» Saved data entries
- Opening Delimiter -

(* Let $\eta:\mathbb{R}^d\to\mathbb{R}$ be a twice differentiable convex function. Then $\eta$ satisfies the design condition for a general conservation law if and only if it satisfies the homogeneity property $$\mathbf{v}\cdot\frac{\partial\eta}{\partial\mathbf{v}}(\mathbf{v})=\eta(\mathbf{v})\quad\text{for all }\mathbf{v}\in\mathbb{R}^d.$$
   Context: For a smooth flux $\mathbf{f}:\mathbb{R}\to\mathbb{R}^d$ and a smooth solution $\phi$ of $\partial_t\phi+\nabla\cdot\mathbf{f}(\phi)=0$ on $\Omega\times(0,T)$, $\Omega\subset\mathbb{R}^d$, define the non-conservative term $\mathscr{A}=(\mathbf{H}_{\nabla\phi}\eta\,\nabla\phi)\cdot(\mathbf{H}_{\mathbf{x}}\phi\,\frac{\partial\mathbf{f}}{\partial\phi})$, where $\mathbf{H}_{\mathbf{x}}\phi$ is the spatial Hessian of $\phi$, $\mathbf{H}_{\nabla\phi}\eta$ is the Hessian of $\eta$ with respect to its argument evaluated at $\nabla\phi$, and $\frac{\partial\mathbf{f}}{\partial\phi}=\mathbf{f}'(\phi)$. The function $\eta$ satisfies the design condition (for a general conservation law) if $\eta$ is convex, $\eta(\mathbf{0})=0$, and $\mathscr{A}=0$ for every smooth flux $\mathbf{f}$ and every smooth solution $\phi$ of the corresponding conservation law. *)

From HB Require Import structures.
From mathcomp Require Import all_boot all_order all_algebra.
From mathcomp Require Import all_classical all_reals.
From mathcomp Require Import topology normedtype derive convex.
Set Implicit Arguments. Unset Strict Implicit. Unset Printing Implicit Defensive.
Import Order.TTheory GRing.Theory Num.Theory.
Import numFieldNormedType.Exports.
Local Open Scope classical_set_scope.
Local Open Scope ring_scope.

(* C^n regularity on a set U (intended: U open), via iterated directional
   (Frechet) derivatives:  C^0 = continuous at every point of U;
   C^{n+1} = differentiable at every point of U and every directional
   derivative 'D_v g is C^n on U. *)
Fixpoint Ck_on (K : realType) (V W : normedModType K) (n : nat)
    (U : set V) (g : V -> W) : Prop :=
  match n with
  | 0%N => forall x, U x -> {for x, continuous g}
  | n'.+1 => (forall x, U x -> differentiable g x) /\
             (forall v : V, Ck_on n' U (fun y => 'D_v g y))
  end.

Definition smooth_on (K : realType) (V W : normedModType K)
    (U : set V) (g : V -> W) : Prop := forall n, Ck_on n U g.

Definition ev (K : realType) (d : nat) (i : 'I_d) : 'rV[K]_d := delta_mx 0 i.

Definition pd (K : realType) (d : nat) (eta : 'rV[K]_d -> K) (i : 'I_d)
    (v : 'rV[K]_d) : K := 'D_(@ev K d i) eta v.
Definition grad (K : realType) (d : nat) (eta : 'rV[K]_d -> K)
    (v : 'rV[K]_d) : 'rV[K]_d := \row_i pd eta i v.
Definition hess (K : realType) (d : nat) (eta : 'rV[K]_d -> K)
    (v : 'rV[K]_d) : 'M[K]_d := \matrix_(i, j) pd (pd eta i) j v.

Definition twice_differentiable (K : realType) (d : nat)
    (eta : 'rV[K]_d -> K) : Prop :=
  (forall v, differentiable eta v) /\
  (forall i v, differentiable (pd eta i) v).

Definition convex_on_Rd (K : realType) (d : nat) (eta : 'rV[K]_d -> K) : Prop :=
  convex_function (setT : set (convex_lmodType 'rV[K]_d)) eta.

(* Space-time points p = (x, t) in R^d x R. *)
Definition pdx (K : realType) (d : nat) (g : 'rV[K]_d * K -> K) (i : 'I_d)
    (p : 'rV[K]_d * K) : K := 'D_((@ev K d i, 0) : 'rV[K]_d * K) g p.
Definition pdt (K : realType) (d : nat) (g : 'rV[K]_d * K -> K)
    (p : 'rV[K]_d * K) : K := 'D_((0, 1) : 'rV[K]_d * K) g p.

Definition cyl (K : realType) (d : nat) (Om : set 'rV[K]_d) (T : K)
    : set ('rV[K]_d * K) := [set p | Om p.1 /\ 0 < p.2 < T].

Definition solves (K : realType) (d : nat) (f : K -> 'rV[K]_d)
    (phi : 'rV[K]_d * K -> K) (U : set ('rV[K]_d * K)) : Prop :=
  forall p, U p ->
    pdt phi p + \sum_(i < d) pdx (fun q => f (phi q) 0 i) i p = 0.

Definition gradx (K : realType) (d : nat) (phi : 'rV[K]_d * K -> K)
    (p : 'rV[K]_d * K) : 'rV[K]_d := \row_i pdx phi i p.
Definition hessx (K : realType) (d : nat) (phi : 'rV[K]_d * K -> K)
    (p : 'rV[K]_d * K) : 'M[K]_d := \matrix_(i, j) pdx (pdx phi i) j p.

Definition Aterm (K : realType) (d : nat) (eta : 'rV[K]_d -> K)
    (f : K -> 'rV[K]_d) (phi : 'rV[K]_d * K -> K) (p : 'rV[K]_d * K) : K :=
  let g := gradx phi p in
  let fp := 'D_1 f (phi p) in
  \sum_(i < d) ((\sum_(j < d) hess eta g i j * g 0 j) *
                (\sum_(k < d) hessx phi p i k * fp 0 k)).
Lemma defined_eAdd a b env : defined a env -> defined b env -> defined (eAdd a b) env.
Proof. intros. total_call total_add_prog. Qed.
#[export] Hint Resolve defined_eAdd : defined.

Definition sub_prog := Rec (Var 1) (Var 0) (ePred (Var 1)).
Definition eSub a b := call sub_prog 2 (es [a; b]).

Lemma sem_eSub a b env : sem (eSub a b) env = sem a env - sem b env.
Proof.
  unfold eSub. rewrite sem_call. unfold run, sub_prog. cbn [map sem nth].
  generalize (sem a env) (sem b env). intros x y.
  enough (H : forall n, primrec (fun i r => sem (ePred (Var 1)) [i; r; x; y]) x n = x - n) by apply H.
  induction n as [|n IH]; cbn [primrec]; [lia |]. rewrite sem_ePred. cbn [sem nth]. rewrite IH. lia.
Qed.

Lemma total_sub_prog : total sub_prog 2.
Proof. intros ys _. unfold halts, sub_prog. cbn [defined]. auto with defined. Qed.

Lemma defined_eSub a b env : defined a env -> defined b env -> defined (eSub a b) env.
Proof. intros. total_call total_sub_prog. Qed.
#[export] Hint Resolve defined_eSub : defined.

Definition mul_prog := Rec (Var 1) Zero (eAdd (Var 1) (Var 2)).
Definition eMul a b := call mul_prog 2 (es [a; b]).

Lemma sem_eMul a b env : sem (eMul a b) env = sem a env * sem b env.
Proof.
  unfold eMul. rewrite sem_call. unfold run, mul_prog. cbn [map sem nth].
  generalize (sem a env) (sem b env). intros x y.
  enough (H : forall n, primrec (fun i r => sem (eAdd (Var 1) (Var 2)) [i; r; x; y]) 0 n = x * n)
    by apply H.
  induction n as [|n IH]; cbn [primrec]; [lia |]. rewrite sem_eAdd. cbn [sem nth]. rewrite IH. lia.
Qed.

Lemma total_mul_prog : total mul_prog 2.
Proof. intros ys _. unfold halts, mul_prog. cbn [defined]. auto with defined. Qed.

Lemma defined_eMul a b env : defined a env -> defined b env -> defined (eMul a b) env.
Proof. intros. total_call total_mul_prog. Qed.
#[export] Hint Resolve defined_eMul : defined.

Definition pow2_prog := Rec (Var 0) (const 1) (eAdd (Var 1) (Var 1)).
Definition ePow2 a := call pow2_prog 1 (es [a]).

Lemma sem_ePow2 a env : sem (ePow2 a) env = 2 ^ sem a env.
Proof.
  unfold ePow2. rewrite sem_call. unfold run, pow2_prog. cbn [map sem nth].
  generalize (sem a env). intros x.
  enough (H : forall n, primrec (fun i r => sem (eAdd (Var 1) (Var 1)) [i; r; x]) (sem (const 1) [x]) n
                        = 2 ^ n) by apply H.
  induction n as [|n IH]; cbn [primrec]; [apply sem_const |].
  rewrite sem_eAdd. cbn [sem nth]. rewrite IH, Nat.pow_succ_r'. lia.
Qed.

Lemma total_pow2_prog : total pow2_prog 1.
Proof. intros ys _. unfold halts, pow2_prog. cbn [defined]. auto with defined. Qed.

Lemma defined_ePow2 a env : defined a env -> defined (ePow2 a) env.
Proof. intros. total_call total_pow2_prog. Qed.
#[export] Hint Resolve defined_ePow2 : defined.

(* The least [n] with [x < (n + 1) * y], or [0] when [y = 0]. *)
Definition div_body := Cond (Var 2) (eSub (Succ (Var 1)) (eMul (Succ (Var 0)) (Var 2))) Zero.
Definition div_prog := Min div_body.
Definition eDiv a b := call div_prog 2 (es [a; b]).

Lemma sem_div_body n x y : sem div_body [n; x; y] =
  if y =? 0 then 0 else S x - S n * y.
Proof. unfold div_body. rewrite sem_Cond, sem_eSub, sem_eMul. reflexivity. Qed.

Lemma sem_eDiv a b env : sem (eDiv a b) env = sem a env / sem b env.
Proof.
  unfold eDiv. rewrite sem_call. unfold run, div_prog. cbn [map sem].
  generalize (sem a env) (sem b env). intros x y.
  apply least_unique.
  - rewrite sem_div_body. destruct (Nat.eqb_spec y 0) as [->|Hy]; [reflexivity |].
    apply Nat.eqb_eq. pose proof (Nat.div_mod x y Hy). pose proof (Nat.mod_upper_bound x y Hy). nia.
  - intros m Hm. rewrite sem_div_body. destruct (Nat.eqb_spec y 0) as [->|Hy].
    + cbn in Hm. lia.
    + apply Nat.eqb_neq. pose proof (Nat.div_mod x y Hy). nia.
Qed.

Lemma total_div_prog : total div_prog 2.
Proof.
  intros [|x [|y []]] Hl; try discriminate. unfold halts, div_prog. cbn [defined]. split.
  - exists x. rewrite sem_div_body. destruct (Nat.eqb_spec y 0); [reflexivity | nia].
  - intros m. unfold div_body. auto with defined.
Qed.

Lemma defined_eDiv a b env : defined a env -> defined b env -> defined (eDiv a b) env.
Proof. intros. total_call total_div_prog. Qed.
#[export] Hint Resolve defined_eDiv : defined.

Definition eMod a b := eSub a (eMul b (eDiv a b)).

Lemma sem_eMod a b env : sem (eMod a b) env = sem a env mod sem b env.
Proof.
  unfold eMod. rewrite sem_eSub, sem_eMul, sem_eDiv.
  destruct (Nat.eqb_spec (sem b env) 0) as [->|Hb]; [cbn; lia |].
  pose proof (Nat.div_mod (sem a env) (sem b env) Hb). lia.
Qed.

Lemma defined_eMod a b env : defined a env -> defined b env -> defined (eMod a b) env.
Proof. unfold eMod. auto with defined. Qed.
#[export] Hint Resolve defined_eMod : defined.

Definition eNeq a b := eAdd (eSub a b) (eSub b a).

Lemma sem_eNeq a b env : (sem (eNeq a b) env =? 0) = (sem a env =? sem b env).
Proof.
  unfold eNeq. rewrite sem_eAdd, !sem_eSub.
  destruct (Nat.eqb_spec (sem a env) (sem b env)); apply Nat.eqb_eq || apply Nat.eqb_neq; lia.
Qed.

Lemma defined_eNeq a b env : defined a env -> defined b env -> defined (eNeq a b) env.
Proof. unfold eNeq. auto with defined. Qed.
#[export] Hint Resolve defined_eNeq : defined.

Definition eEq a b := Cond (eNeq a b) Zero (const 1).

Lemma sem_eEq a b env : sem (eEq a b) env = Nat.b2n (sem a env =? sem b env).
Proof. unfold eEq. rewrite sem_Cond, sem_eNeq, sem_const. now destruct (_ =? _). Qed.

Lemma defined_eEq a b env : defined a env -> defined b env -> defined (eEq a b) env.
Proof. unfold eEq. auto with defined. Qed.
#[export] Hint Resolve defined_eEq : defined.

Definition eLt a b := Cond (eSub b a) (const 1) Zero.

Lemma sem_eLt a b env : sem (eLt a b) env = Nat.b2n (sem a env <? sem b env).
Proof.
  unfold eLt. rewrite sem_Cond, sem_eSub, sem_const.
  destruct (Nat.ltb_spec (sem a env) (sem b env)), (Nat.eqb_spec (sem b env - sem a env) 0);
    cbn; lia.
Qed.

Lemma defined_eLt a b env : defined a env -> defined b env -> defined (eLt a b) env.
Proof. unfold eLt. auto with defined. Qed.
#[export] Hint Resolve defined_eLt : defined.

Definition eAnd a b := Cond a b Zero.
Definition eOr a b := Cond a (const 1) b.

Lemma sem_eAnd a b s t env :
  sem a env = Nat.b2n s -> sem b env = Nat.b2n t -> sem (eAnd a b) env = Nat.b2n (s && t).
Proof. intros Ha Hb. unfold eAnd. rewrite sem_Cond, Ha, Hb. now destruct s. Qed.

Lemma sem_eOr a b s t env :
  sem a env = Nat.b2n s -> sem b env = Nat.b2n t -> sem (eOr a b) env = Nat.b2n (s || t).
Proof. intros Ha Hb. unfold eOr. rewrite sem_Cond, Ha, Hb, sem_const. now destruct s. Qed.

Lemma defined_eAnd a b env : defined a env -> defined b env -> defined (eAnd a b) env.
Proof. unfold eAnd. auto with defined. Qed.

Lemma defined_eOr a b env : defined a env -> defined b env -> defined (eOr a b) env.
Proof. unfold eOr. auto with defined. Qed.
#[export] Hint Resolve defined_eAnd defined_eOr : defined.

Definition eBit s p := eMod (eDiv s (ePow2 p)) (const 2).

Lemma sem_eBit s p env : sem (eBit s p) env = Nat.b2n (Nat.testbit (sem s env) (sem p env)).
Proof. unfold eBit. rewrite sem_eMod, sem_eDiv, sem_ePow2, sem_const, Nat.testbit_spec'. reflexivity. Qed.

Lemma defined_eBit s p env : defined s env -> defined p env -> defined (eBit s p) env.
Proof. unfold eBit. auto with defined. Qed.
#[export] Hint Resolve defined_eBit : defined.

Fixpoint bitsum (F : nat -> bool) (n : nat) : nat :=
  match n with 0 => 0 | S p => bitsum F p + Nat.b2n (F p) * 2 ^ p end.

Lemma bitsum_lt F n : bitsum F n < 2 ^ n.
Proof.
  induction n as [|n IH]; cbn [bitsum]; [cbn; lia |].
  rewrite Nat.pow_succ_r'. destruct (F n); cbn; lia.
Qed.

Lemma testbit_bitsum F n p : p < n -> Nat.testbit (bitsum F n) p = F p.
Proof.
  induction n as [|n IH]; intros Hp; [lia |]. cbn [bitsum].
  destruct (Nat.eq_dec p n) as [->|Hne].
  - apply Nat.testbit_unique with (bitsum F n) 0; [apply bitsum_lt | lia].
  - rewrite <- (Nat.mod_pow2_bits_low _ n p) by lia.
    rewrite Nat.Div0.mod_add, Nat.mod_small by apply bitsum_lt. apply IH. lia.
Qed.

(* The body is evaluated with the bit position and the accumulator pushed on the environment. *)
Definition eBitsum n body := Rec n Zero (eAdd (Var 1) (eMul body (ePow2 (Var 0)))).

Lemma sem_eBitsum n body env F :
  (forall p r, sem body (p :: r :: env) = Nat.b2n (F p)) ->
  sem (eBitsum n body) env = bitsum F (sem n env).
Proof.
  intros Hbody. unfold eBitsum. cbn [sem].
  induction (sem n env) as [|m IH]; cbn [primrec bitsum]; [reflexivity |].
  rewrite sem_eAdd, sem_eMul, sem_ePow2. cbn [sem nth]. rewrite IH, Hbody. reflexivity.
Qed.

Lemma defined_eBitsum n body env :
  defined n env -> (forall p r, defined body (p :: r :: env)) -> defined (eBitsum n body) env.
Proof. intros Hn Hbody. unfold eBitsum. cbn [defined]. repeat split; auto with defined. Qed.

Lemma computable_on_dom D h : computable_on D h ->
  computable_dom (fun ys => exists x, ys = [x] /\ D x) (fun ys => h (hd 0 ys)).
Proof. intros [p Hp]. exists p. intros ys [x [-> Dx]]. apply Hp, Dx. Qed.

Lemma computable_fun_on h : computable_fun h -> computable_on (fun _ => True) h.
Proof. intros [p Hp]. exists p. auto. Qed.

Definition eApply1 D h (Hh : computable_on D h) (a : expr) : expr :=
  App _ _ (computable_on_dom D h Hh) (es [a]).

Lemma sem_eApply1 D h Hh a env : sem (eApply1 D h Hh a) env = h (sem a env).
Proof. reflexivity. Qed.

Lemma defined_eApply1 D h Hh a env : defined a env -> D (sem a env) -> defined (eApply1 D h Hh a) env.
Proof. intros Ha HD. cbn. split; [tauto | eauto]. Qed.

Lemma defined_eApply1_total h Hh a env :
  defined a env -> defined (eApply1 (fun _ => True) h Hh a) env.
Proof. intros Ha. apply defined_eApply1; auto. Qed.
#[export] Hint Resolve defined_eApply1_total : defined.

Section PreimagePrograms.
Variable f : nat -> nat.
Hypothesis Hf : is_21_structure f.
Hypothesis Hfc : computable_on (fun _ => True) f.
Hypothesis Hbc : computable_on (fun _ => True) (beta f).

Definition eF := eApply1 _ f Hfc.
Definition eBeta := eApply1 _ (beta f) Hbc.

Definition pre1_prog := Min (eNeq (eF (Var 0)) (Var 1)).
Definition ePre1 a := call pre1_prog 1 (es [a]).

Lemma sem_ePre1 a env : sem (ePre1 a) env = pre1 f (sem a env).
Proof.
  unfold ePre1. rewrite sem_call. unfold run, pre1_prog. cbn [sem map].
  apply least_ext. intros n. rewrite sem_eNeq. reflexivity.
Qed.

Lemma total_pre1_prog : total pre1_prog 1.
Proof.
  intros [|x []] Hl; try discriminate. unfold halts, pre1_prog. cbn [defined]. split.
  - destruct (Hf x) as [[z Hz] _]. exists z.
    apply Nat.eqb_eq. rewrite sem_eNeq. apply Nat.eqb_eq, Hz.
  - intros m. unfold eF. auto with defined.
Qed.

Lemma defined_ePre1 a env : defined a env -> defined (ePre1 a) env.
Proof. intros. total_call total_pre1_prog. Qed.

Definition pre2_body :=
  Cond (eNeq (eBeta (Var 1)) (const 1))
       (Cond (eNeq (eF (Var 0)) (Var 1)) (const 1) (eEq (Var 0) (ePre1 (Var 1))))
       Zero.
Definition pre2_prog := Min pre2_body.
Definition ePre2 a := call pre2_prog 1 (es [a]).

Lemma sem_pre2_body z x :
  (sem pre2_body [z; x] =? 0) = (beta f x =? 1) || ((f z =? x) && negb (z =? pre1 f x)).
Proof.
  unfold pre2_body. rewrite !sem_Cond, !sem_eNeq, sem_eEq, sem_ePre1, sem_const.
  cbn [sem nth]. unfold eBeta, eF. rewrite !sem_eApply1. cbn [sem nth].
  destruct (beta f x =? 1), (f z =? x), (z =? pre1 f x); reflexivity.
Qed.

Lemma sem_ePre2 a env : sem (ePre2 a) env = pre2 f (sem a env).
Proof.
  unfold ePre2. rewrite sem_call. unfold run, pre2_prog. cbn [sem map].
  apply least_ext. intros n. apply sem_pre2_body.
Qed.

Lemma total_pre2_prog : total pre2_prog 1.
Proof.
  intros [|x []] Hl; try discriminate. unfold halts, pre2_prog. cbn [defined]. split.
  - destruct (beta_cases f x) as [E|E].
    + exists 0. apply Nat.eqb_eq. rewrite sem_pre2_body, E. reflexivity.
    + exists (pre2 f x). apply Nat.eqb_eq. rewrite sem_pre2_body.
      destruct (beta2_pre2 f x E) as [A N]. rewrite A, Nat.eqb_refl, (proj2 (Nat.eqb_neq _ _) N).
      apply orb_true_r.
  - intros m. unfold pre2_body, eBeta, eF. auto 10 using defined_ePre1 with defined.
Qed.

- Closing Delimiter -

» Your instructions
In the entries above, one line contains "apply Nat.eqb_eq. pose" and another contains "Definition eMod a". Reproduce exactly those two lines and the lines between them, nothing else.

» Problem solution
    apply Nat.eqb_eq. pose proof (Nat.div_mod x y Hy). pose proof (Nat.mod_upper_bound x y Hy). nia.
  - intros m Hm. rewrite sem_div_body. destruct (Nat.eqb_spec y 0) as [->|Hy].
    + cbn in Hm. lia.
    + apply Nat.eqb_neq. pose proof (Nat.div_mod x y Hy). nia.
Qed.

Lemma total_div_prog : total div_prog 2.
Proof.
  intros [|x [|y []]] Hl; try discriminate. unfold halts, div_prog. cbn [defined]. split.
  - exists x. rewrite sem_div_body. destruct (Nat.eqb_spec y 0); [reflexivity | nia].
  - intros m. unfold div_body. auto with defined.
Qed.

Lemma defined_eDiv a b env : defined a env -> defined b env -> defined (eDiv a b) env.
Proof. intros. total_call total_div_prog. Qed.
#[export] Hint Resolve defined_eDiv : defined.

Definition eMod a b := eSub a (eMul b (eDiv a b)).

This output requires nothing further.